Бутурлин, почтительно склонив колено, поцеловал царскую руку.
– Я чай, ты не в отца и своеволить не будешь? – улыбнулся царь. Вставая со своего места, договорил: – Грамоты на воеводство у дьяка Дементия.
Домка вздрогнула и похолодела с головы до пят, когда высокий чернобородый боярин вошел в горницу старого воеводы. Нахмурясь, скользнул взглядом по потолку и, повернувшись на иконостас, долго молился, держа шапку и трость в левой руке.
Домка молча поклонилась, но воевода новый ее как бы и не видел.
Домка подумала: «Не глядит, вишь… а теперь бы Сенькину грамоту ему дать? Пожду».
Помолясь, боярин вернулся к дверям, неплотно запертым, сказал громко:
– Стрельцы, ведите богорадного.
– Тут я, батюшко воевода! – Старик, едва перешагнув порог, повалился в ноги воеводе.

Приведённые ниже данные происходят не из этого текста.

(* Let $N, N_y, M, p \in \mathbb{N}$ with $p\le N$, $X \in \mathbb{R}^{N \times M}$, $Y \in \mathbb{R}^{N_y \times M}$, $\lambda \ge 0$, $\Omega=\{1,\dots,N\}$, and let $\bar s_1,\dots,\bar s_p$ and $\bar S_0\subset\cdots\subset\bar S_p$ be a greedy sequence as defined in the context. Define recursively for $k=1,\dots,p$, starting from empty matrices $\Xi^{(0)}\in\mathbb{R}^{N\times 0}$, $\Theta^{(0)}\in\mathbb{R}^{N_y\times 0}$ (with the conventions $\Xi^{(0)}(\Xi^{(0)}_{\bar s_1})^\top = 0$, $\Theta^{(0)}(\Xi^{(0)}_{\bar s_1})^\top=0$, $[\Xi^{(0)},\xi^{(1)}]=\xi^{(1)}$, $[\Theta^{(0)},\theta^{(1)}]=\theta^{(1)}$): \begin{align*} \delta^{(k)} &= X X_{\bar s_k}^\top + \lambda (I_N)_{\bar s_k}^\top - \Xi^{(k-1)}(\Xi^{(k-1)}_{\bar s_k})^\top \in\mathbb{R}^N,\\ \xi^{(k)} &= \delta^{(k)}/\sqrt{\delta^{(k)}_{\bar s_k}},\qquad \theta^{(k)} = \bigl(Y X_{\bar s_k}^\top - \Theta^{(k-1)}(\Xi^{(k-1)}_{\bar s_k})^\top\bigr)/\sqrt{\delta^{(k)}_{\bar s_k}},\\ \Xi^{(k)} &= [\Xi^{(k-1)}, \xi^{(k)}]\in\mathbb{R}^{N\times k},\qquad \Theta^{(k)} = [\Theta^{(k-1)},\theta^{(k)}]\in\mathbb{R}^{N_y\times k}. \end{align*} Then for every $k\in\{1,\dots,p\}$: \begin{align*} \xi^{(k)} &= (Q^{xx}_{\bar s_k}(\bar S_{k-1}))^\top (Q^{xx}_{\bar s_k,\bar s_k}(\bar S_{k-1}))^{-1/2},\\ \theta^{(k)} &= (Q^{xy}_{\bar s_k}(\bar S_{k-1}))^\top (Q^{xx}_{\bar s_k,\bar s_k}(\bar S_{k-1}))^{-1/2},\\ Q^{xx}(\bar S_k) &= Q^{xx}(\bar S_{k-1}) - \xi^{(k)}\xi^{(k)\top} = XX^\top + \lambda I_N - \Xi^{(k)}\Xi^{(k)\top},\\ Q^{xy}(\bar S_k) &= Q^{xy}(\bar S_{k-1}) - \xi^{(k)}\theta^{(k)\top} = XY^\top - \Xi^{(k)}\Theta^{(k)\top}. \end{align*}
   Context: Notation: for a matrix $A$ and an ordered index set $S$, $A_S$ is the submatrix of rows indexed by $S$, $A_{S,S}$ the principal submatrix indexed by $S$; $A_i$ is row $i$ of $A$ (a row vector), $A_{i,i}$ its $(i,i)$ entry; $v_i$ is the $i$th component of a vector $v$; $(I_N)_{s}^\top$ is the $s$th canonical unit vector. $P^{xx} = XX^\top + \lambda I_N$, $P^{xy} = XY^\top$. $Q^{xx}(\emptyset)=P^{xx}$, $Q^{xy}(\emptyset)=P^{xy}$, and for $|S|\ge1$ with $P^{xx}_{S,S}\succ0$: $Q^{xx}(S) = P^{xx} - (P^{xx}_S)^\top (P^{xx}_{S,S})^{-1} P^{xx}_S$, $Q^{xy}(S) = P^{xy} - (P^{xx}_S)^\top (P^{xx}_{S,S})^{-1} P^{xy}_S$. $J(S) = \operatorname{tr}\{ Y X_S^\top (X_S X_S^\top + \lambda I_{|S|})^{-1} X_S Y^\top \}$ for feasible $S$, $J(\emptyset)=0$. Greedy sequence: $\bar S_0=\emptyset$; for $k=1,\dots,p$, $\mathcal{I}_k = \{ i\in\Omega\setminus\bar S_{k-1} : P^{xx}_{S',S'}\succ0,\ S'=\bar S_{k-1}\cup\{i\}\}$ (assumed nonempty), $\bar s_k \in \arg\max_{i\in\mathcal{I}_k}\{J(\bar S_{k-1}\cup\{i\}) - J(\bar S_{k-1})\}$, $\bar S_k = \bar S_{k-1}\cup\{\bar s_k\}$. *)

From HB Require Import structures.
From mathcomp Require Import all_boot all_order all_algebra.
From mathcomp Require Import reals.
Set Implicit Arguments. Unset Strict Implicit. Unset Printing Implicit Defensive.
Import Order.TTheory GRing.Theory Num.Theory.
Local Open Scope ring_scope.

(* Indices Omega = {1..N} are rendered as 'I_N (0-based). Index sets S are
   {set 'I_N}; the "ordered" submatrices use the increasing enumeration
   enum_val of S (the results do not depend on the order). *)

Section Defs.
Variable R : realType.

Definition rows_of (m n : nat) (A : 'M[R]_(m, n)) (S : {set 'I_m}) : 'M[R]_(#|S|, n) :=
  \matrix_(i < #|S|, j < n) A (enum_val i) j.

Definition subsq (n : nat) (A : 'M[R]_n) (S : {set 'I_n}) : 'M[R]_#|S| :=
  \matrix_(i < #|S|, j < #|S|) A (enum_val i) (enum_val j).

Definition posdef (n : nat) (A : 'M[R]_n) : Prop :=
  A^T = A /\ forall v : 'rV[R]_n, v != 0 -> 0 < (v *m A *m v^T) 0 0.

Variables (N Ny M : nat) (X : 'M[R]_(N, M)) (Y : 'M[R]_(Ny, M)) (lam : R).

Definition Pxx : 'M[R]_N := X *m X^T + lam%:M.
Definition Pxy : 'M[R]_(N, Ny) := X *m Y^T.

(* For S = set0 these reduce to Pxx, Pxy (empty products vanish). *)
Definition Qxx (S : {set 'I_N}) : 'M[R]_N :=
  Pxx - (rows_of Pxx S)^T *m invmx (subsq Pxx S) *m rows_of Pxx S.
Definition Qxy (S : {set 'I_N}) : 'M[R]_(N, Ny) :=
  Pxy - (rows_of Pxx S)^T *m invmx (subsq Pxx S) *m rows_of Pxy S.

Definition Jval (S : {set 'I_N}) : R :=
  \tr (Y *m (rows_of X S)^T *m invmx (rows_of X S *m (rows_of X S)^T + lam%:M)
        *m rows_of X S *m Y^T).

(* greedy sequence: s k is \bar s_k for k = 1..p; \bar S_k = {s 1, ..., s k} *)
Definition Sbar (s : nat -> 'I_N) (k : nat) : {set 'I_N} :=
  [set x | [exists i : 'I_k, x == s i.+1]].

Definition greedy (p : nat) (s : nat -> 'I_N) : Prop :=
  forall k, (0 < k <= p)%N ->
    [/\ s k \notin Sbar s k.-1,
        posdef (subsq Pxx (s k |: Sbar s k.-1)) &
        forall i, i \notin Sbar s k.-1 -> posdef (subsq Pxx (i |: Sbar s k.-1)) ->
          Jval (i |: Sbar s k.-1) - Jval (Sbar s k.-1)
            <= Jval (s k |: Sbar s k.-1) - Jval (Sbar s k.-1)].

Definition colsmx (n k : nat) (cs : seq 'cV[R]_n) : 'M[R]_(n, k) :=
  \matrix_(i < n, j < k) (nth 0 cs j) i 0.

Fixpoint gen (s : nat -> 'I_N) (k : nat) : seq 'cV[R]_N * seq 'cV[R]_Ny :=
  match k with
  | 0 => ([::], [::])
  | k'.+1 =>
    let: (xs, ts) := gen s k' in
    let sk := s k in
    let Xi := colsmx k' xs in
    let Th := colsmx k' ts in
    let delta := X *m (row sk X)^T + lam *: (row sk (1%:M : 'M[R]_N))^T
                 - Xi *m (row sk Xi)^T in
    let c := (Num.sqrt (delta sk 0))^-1 in
    let xi := c *: delta in
    let th := c *: (Y *m (row sk X)^T - Th *m (row sk Xi)^T) in
    (rcons xs xi, rcons ts th)
  end.

Definition Xi (s : nat -> 'I_N) (k : nat) : 'M[R]_(N, k) := colsmx k (gen s k).1.
Definition Theta (s : nat -> 'I_N) (k : nat) : 'M[R]_(Ny, k) := colsmx k (gen s k).2.
Definition xi (s : nat -> 'I_N) (k : nat) : 'cV[R]_N := nth 0 (gen s k).1 k.-1.
Definition theta (s : nat -> 'I_N) (k : nat) : 'cV[R]_Ny := nth 0 (gen s k).2 k.-1.
End Defs.

From Pilot Require Import Defs.
From mathcomp Require Import all_boot all_order all_algebra.
From mathcomp Require Import reals.
Import Order.TTheory GRing.Theory Num.Theory.
Local Open Scope ring_scope.
Set Implicit Arguments. Unset Strict Implicit. Unset Printing Implicit Defensive.

(* Let [selr S] be the 0/1 matrix whose rows pick the indices in [S].  Then [Qxx S]
   and [Qxy S] are [resid Pxx (selr S) B] for [B = Pxx, Pxy], where [resid P G B] is
   what is left of [B] after removing its [P]-projection onto the rows of [G].  The
   residual [Q] is characterized by [G *m Q = 0] and [B - Q] lying in the column space
   of [P G^T], so it depends only on the row space of [G].  Adding an index [i] to [S]
   adds the unit row [e_i], and the characterization gives the rank-one update
   [Q - Q e_i^T e_i Q / Q_ii]; the pivot [Q_ii] is a Schur complement of the positive
   definite [subsq Pxx (i |: S)], hence positive.  With [xi = Q e_i^T / sqrt Q_ii] this
   update is exactly the recursion defining [xi] and [theta], and summing the updates
   gives [Qxx (Sbar k) = Pxx - Xi Xi^T]. *)

Section Residual.
Variables (F : fieldType) (N : nat) (P : 'M[F]_N).

Definition resid m n (G : 'M[F]_(m, N)) (B : 'M[F]_(N, n)) : 'M[F]_(N, n) :=
  B - P *m G^T *m invmx (G *m P *m G^T) *m (G *m B).

Lemma mul_resid0 m n (G : 'M_(m, N)) (B : 'M_(N, n)) :
  G *m P *m G^T \in unitmx -> G *m resid G B = 0.
Proof. by move=> U; rewrite /resid mulmxBr !mulmxA mulmxV // mul1mx subrr. Qed.

Lemma resid0 m n (B : 'M_(N, n)) : resid (0 : 'M_(m, N)) B = B.
Proof. by rewrite /resid trmx0 !mulmx0 !mul0mx subr0. Qed.

Lemma residE m n (G : 'M_(m, N)) (B : 'M_(N, n)) (D : 'M_(m, n)) :
  G *m P *m G^T \in unitmx -> G *m (B - P *m G^T *m D) = 0 ->
  B - P *m G^T *m D = resid G B.
Proof.
move=> U /eqP; rewrite mulmxBr subr_eq0 !mulmxA => /eqP GB.
by rewrite /resid GB -(mulmxA (P *m G^T)) mulKmx.
Qed.

Lemma tr_resid m (G : 'M_(m, N)) : P^T = P -> (resid G P)^T = resid G P.
Proof.
by move=> PT; rewrite /resid raddfB /= !trmx_mul trmx_inv !trmx_mul trmxK PT !mulmxA.
Qed.

Lemma resid_adjoin m m' n (G : 'M_(m, N)) (g : 'rV_N) (G' : 'M_(m', N))
    (B : 'M_(N, n)) :
  G *m P *m G^T \in unitmx -> G' *m P *m G'^T \in unitmx ->
  (G' == col_mx G g)%MS ->
  let d := (g *m resid G P *m g^T) 0 0 in d != 0 ->
  resid G' B = resid G B - d^-1 *: (resid G P *m g^T *m (g *m resid G B)).
Proof.
move=> U U' /andP[sG'H]; rewrite col_mx_sub => /andP[sGG' sgG'] d d0.
have [A G'E] := submxP sG'H.
have [C GC] := submxP sGG'; have [c gc] := submxP sgG'.
set w := g *m resid G B; set u := invmx (G *m P *m G^T) *m (G *m P *m g^T).
have residPg : resid G P *m g^T = P *m g^T - P *m G^T *m u.
  by rewrite /resid mulmxBl !mulmxA.
(* [G = C G'] and [g = c G'] rewrite the update in the form [B - P G'^T D]. *)
set D := C^T *m (invmx (G *m P *m G^T) *m (G *m B) - d^-1 *: (u *m w))
         + c^T *m (d^-1 *: w).
set Z := resid G B - d^-1 *: (resid G P *m g^T *m w).
have GZ : G *m Z = 0.
  by rewrite /Z mulmxBr -scalemxAr !mulmxA !mul_resid0 // !mul0mx scaler0 subrr.
have gZ : g *m Z = 0.
  have dE : g *m resid G P *m g^T = d%:M by apply: mx11_scalar.
  rewrite /Z mulmxBr -scalemxAr -/w mulmxA (mulmxA g) dE mul_scalar_mx.
  by rewrite scalerA mulVf // scale1r subrr.
have ZE : Z = B - P *m G'^T *m D.
  have trG : G'^T *m C^T = G^T by rewrite -trmx_mul -GC.
  have trg : G'^T *m c^T = g^T by rewrite -trmx_mul -gc.
  rewrite /D mulmxDr !(mulmxA (P *m G'^T)) -!(mulmxA P) trG trg.
  rewrite /Z residPg {1}/resid !mulmxBl !mulmxBr !scalerBr -!scalemxAr !mulmxA.
  by rewrite opprB opprD opprB !addrA; congr (_ - _); rewrite addrAC.
rewrite ZE; apply/esym/residE => //.
by rewrite -ZE G'E -mulmxA mul_col_mx GZ gZ col_mx0 mulmx0.
Qed.
End Residual.

Section PosdefOnRowSpace.
Variables (R : numFieldType) (N : nat) (P : 'M[R]_N).

Definition posdef_on m (G : 'M[R]_(m, N)) :=
  forall v : 'rV_N, (v <= G)%MS -> v != 0 -> 0 < (v *m P *m v^T) 0 0.

Lemma posdef_on_gram m (G : 'M_(m, N)) :
  (forall u : 'rV_m, u != 0 -> 0 < (u *m (G *m P *m G^T) *m u^T) 0 0) ->
  posdef_on G.
Proof.
move=> posG v /submxP[u ->] vn0.
have un0 : u != 0 by apply: contraNneq vn0 => ->; rewrite mul0mx.
by have := posG u un0; rewrite trmx_mul !mulmxA.
Qed.

Lemma posdef_onS m m' (G : 'M_(m, N)) (G' : 'M_(m', N)) :
  (G <= G')%MS -> posdef_on G' -> posdef_on G.
Proof. by move=> sGG' posG' v svG; apply/posG'/(submx_trans svG). Qed.

Lemma gram_unit m (G : 'M_(m, N)) :
  row_free G -> posdef_on G -> G *m P *m G^T \in unitmx.
Proof.
move=> freeG posG; rewrite unitmxE unitfE; apply/negP => /det0P[u un0 uG0].
have uGn0 : u *m G != 0.
  apply: contraNneq un0 => uG0'; apply/eqP/(row_free_inj freeG).
  by rewrite /= uG0' mul0mx.
have := posG _ (submxMl u G) uGn0.
have -> : u *m G *m P *m (u *m G)^T = u *m (G *m P *m G^T) *m u^T.
  by rewrite trmx_mul !mulmxA.
by rewrite uG0 mul0mx mxE ltxx.
Qed.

– Чего валишься? Чем провинился?
– Много вины моей, батюшко воевода! Перво – не углядел, как мои сторожа и стрельцы – весь караул – забражничали. Друга вина – не позвал городовых стрельцов сменить пьяных… казни, а милость твоя!
– Встань на ноги, говори толково.
Богорадной поднялся, уронив шапку.
– Гришка тут, всему делу вор Гришка… вся его затея…
– За стрельцами кто глядел?
– Десятник, батюшко воевода!
– Где был десятник, когда стрельцы пили?
– Ушел… по делам, сказывал, ушел.
– Зови его ко мне!
– Убит, батюшко, десятник. В ту ночь убит – в тюрьме…
– Туда ему и дорога – не оставляй караул без глаза. Скажи, как, по твоим догадкам, кто опоил караул?
– Мекаю я, батюшко воевода, не хто иной, как холопи… Схитили вино, спужались: «Чай, нас за то бить будут», – и ну поить иных сторожей перво, а вино оно, вишь, заманно: один хлебнул, другой спробовал – и пошло!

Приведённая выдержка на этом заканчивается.